Dataset: Begin

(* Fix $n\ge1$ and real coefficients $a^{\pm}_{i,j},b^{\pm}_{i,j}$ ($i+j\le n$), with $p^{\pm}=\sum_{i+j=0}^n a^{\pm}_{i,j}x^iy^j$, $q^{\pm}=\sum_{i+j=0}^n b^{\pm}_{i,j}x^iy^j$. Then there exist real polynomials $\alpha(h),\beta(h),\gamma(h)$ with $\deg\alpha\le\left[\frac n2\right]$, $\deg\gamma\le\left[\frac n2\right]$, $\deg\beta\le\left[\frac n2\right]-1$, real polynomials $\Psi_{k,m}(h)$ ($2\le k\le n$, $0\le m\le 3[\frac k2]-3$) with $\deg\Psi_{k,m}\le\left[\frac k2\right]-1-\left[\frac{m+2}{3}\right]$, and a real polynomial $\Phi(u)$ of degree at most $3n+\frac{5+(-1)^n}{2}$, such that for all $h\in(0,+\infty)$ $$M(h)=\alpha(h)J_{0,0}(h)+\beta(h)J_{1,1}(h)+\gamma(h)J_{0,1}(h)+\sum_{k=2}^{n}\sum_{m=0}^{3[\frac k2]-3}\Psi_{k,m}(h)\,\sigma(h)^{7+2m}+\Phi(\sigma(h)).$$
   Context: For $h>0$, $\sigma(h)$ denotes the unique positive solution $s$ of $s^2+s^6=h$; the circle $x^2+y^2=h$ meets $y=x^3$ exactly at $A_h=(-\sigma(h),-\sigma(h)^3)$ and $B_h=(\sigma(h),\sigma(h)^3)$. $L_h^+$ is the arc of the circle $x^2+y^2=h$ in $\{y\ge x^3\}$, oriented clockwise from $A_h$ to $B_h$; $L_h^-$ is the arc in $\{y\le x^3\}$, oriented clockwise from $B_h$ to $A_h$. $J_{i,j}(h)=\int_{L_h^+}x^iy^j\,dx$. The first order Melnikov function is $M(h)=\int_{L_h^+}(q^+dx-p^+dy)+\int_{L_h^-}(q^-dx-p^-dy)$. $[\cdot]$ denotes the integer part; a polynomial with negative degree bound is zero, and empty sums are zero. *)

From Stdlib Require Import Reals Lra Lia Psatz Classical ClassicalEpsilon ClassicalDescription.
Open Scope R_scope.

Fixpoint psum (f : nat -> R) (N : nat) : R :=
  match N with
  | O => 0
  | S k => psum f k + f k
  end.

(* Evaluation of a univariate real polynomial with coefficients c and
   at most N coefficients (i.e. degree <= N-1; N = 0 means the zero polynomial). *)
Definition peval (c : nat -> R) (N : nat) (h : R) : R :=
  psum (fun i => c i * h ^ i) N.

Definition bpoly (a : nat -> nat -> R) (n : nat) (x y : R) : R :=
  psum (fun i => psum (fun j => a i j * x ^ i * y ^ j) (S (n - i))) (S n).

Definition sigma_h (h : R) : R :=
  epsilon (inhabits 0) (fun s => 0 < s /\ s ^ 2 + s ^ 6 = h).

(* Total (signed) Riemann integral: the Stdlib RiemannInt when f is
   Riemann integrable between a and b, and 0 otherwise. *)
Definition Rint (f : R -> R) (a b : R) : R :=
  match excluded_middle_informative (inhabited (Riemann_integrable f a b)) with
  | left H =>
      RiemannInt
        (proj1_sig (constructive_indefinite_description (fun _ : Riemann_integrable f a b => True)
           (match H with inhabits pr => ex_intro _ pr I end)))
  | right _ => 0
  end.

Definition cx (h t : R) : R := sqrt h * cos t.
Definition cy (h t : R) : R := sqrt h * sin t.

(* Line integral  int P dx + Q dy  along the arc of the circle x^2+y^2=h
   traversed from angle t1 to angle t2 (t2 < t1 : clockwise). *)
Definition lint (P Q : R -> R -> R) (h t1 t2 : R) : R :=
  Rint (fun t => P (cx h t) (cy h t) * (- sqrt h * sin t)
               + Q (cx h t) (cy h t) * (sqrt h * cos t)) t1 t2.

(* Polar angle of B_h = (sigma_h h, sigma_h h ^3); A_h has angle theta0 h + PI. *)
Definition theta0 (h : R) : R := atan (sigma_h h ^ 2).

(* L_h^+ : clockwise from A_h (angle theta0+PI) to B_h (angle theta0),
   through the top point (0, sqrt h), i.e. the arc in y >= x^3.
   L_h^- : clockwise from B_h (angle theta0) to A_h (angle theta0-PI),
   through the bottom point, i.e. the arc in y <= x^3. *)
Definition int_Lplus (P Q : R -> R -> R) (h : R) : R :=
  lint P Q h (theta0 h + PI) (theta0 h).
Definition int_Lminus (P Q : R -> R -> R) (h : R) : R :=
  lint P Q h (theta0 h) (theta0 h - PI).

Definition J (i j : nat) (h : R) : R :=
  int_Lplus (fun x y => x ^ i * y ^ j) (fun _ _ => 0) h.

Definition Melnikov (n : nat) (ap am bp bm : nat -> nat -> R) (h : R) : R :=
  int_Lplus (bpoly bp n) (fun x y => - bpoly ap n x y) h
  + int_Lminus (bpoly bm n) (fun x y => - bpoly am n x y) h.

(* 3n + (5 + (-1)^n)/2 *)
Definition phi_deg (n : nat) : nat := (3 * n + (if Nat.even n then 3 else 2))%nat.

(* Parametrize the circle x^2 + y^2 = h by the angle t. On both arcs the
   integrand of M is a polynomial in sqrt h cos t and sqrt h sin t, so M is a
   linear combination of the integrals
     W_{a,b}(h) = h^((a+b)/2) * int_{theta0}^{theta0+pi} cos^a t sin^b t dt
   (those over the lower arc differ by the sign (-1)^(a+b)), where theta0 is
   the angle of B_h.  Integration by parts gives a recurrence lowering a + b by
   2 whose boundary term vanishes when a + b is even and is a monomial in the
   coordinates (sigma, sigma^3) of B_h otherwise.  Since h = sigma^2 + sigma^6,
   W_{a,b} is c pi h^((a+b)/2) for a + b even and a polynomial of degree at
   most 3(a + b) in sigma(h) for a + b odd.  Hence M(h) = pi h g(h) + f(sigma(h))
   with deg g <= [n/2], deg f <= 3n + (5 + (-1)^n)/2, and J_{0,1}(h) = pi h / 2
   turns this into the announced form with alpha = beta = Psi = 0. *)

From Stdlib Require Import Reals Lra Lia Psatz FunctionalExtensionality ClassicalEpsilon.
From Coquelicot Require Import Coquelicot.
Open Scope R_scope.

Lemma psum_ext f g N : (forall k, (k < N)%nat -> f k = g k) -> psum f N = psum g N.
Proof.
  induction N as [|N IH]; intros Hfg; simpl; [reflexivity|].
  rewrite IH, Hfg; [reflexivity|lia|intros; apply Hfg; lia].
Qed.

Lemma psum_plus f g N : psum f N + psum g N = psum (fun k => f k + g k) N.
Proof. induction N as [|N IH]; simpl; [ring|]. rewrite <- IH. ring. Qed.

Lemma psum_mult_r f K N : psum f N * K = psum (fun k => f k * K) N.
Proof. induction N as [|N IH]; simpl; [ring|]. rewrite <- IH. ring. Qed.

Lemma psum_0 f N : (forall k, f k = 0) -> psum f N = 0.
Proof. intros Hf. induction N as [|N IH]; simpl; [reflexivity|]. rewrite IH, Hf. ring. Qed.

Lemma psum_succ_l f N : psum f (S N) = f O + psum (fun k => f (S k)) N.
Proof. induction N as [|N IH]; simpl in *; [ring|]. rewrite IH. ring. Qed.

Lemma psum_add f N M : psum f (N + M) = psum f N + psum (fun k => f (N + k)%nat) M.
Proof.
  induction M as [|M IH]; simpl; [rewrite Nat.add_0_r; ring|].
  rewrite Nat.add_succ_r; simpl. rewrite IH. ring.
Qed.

Dataset: End

→ About this exercise
Your answer should hold exactly the lines from the one containing "Lemma psum_succ_l f" through the end of the entries above, and nothing else.

→ Response area
Lemma psum_succ_l f N : psum f (S N) = f O + psum (fun k => f (S k)) N.
Proof. induction N as [|N IH]; simpl in *; [ring|]. rewrite IH. ring. Qed.

Lemma psum_add f N M : psum f (N + M) = psum f N + psum (fun k => f (N + k)%nat) M.
Proof.
  induction M as [|M IH]; simpl; [rewrite Nat.add_0_r; ring|].
  rewrite Nat.add_succ_r; simpl. rewrite IH. ring.
Qed.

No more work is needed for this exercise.